→ DATA FOR ANALYSIS
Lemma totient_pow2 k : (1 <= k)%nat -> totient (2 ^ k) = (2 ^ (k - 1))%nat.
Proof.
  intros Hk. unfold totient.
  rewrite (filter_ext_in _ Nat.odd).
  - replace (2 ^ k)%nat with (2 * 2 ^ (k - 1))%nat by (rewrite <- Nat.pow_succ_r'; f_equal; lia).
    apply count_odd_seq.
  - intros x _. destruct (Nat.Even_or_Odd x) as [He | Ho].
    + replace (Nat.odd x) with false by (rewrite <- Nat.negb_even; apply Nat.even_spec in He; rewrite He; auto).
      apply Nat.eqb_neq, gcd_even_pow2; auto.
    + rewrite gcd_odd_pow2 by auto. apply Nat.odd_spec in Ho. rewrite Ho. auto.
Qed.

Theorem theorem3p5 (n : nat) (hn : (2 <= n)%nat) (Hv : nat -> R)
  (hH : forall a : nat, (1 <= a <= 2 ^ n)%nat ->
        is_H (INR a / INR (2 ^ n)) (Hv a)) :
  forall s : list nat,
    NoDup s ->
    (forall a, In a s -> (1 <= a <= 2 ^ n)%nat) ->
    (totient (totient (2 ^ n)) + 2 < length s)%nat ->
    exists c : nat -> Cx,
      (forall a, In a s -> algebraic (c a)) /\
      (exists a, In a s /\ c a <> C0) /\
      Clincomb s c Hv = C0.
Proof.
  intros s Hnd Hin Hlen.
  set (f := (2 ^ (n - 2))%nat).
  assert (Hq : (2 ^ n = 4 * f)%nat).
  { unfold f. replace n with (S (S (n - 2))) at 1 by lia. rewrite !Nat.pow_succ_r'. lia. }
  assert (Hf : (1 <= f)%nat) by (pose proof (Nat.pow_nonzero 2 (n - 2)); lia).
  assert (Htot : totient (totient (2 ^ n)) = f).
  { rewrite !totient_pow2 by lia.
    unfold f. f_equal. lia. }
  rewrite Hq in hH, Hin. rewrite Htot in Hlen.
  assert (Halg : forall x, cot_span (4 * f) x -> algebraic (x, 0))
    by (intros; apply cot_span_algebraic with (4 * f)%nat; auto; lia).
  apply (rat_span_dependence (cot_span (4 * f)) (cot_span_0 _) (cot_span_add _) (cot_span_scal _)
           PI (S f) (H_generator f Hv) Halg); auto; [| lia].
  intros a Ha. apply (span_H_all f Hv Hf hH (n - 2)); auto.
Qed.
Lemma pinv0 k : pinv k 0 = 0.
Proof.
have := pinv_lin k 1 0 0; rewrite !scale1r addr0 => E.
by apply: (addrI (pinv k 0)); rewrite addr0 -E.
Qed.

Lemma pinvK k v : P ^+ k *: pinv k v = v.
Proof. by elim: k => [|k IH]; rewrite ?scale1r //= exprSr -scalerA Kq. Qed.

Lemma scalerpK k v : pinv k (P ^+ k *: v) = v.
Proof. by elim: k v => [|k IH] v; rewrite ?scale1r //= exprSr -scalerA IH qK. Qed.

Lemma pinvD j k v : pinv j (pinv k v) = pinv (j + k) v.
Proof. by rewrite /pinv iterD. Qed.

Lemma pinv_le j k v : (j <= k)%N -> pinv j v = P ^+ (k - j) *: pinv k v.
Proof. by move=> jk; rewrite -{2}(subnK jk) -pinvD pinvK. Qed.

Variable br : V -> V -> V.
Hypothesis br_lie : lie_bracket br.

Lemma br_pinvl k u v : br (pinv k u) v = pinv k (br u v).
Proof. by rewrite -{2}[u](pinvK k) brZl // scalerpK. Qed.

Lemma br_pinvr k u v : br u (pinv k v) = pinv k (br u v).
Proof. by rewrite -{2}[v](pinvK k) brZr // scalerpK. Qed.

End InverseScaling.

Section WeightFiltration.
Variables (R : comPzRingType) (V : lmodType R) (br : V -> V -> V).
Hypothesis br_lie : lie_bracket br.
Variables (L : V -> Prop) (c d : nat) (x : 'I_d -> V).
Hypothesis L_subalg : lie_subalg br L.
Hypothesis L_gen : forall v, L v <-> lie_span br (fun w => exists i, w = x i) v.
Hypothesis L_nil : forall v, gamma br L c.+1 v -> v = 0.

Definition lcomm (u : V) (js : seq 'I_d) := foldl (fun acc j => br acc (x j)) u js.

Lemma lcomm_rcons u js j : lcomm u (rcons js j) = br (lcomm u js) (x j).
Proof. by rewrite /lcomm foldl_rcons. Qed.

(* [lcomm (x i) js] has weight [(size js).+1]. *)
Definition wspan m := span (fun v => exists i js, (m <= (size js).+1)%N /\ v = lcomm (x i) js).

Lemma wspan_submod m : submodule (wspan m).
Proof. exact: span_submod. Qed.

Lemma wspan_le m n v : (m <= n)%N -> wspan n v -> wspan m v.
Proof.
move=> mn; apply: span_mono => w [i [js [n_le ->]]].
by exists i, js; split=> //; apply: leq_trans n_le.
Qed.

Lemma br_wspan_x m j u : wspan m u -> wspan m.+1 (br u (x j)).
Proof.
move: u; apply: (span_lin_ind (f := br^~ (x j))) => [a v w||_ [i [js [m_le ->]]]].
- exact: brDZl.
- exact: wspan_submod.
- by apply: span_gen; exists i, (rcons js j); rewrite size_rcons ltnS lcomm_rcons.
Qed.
==
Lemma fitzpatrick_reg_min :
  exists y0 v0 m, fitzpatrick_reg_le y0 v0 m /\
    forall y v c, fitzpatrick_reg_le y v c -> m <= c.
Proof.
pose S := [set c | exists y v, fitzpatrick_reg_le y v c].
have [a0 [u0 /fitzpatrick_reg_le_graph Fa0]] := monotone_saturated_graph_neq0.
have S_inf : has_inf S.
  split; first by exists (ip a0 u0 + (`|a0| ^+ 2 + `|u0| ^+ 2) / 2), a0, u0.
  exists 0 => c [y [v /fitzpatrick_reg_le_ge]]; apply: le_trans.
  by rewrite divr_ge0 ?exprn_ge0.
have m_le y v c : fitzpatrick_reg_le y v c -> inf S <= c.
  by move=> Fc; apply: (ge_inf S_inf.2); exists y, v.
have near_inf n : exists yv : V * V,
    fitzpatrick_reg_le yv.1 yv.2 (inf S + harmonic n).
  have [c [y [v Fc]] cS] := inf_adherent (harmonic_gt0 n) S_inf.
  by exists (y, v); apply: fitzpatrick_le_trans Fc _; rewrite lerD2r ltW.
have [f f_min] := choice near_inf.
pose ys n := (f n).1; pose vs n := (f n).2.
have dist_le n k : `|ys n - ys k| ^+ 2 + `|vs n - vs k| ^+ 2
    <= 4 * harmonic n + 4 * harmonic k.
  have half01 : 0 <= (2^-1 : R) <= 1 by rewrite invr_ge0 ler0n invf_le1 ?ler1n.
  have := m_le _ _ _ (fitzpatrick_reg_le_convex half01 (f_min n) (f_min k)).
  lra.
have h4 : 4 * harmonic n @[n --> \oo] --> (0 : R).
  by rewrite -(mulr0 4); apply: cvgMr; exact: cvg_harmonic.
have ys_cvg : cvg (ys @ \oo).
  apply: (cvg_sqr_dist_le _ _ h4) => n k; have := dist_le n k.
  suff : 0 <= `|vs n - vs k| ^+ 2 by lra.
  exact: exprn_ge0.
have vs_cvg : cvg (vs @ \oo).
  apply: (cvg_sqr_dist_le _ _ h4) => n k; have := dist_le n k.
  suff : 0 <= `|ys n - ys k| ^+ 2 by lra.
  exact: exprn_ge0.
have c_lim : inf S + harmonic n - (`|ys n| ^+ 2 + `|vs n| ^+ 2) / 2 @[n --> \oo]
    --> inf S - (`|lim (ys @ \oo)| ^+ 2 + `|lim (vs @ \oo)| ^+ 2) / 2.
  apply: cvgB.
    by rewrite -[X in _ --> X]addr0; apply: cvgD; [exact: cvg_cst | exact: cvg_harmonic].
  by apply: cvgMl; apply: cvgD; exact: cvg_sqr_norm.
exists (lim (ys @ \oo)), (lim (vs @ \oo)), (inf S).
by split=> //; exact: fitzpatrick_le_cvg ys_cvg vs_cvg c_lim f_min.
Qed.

→ WHAT IS EXPECTED
In the listing above, start at the line with "Section WeightFiltration.", go on through the line with "Proof. exact: span_submod. Qed.", and copy each of those lines exactly; leave out all the rest.

→ REPLY
Section WeightFiltration.
Variables (R : comPzRingType) (V : lmodType R) (br : V -> V -> V).
Hypothesis br_lie : lie_bracket br.
Variables (L : V -> Prop) (c d : nat) (x : 'I_d -> V).
Hypothesis L_subalg : lie_subalg br L.
Hypothesis L_gen : forall v, L v <-> lie_span br (fun w => exists i, w = x i) v.
Hypothesis L_nil : forall v, gamma br L c.+1 v -> v = 0.

Definition lcomm (u : V) (js : seq 'I_d) := foldl (fun acc j => br acc (x j)) u js.

Lemma lcomm_rcons u js j : lcomm u (rcons js j) = br (lcomm u js) (x j).
Proof. by rewrite /lcomm foldl_rcons. Qed.

(* [lcomm (x i) js] has weight [(size js).+1]. *)
Definition wspan m := span (fun v => exists i js, (m <= (size js).+1)%N /\ v = lcomm (x i) js).

Lemma wspan_submod m : submodule (wspan m).
Proof. exact: span_submod. Qed.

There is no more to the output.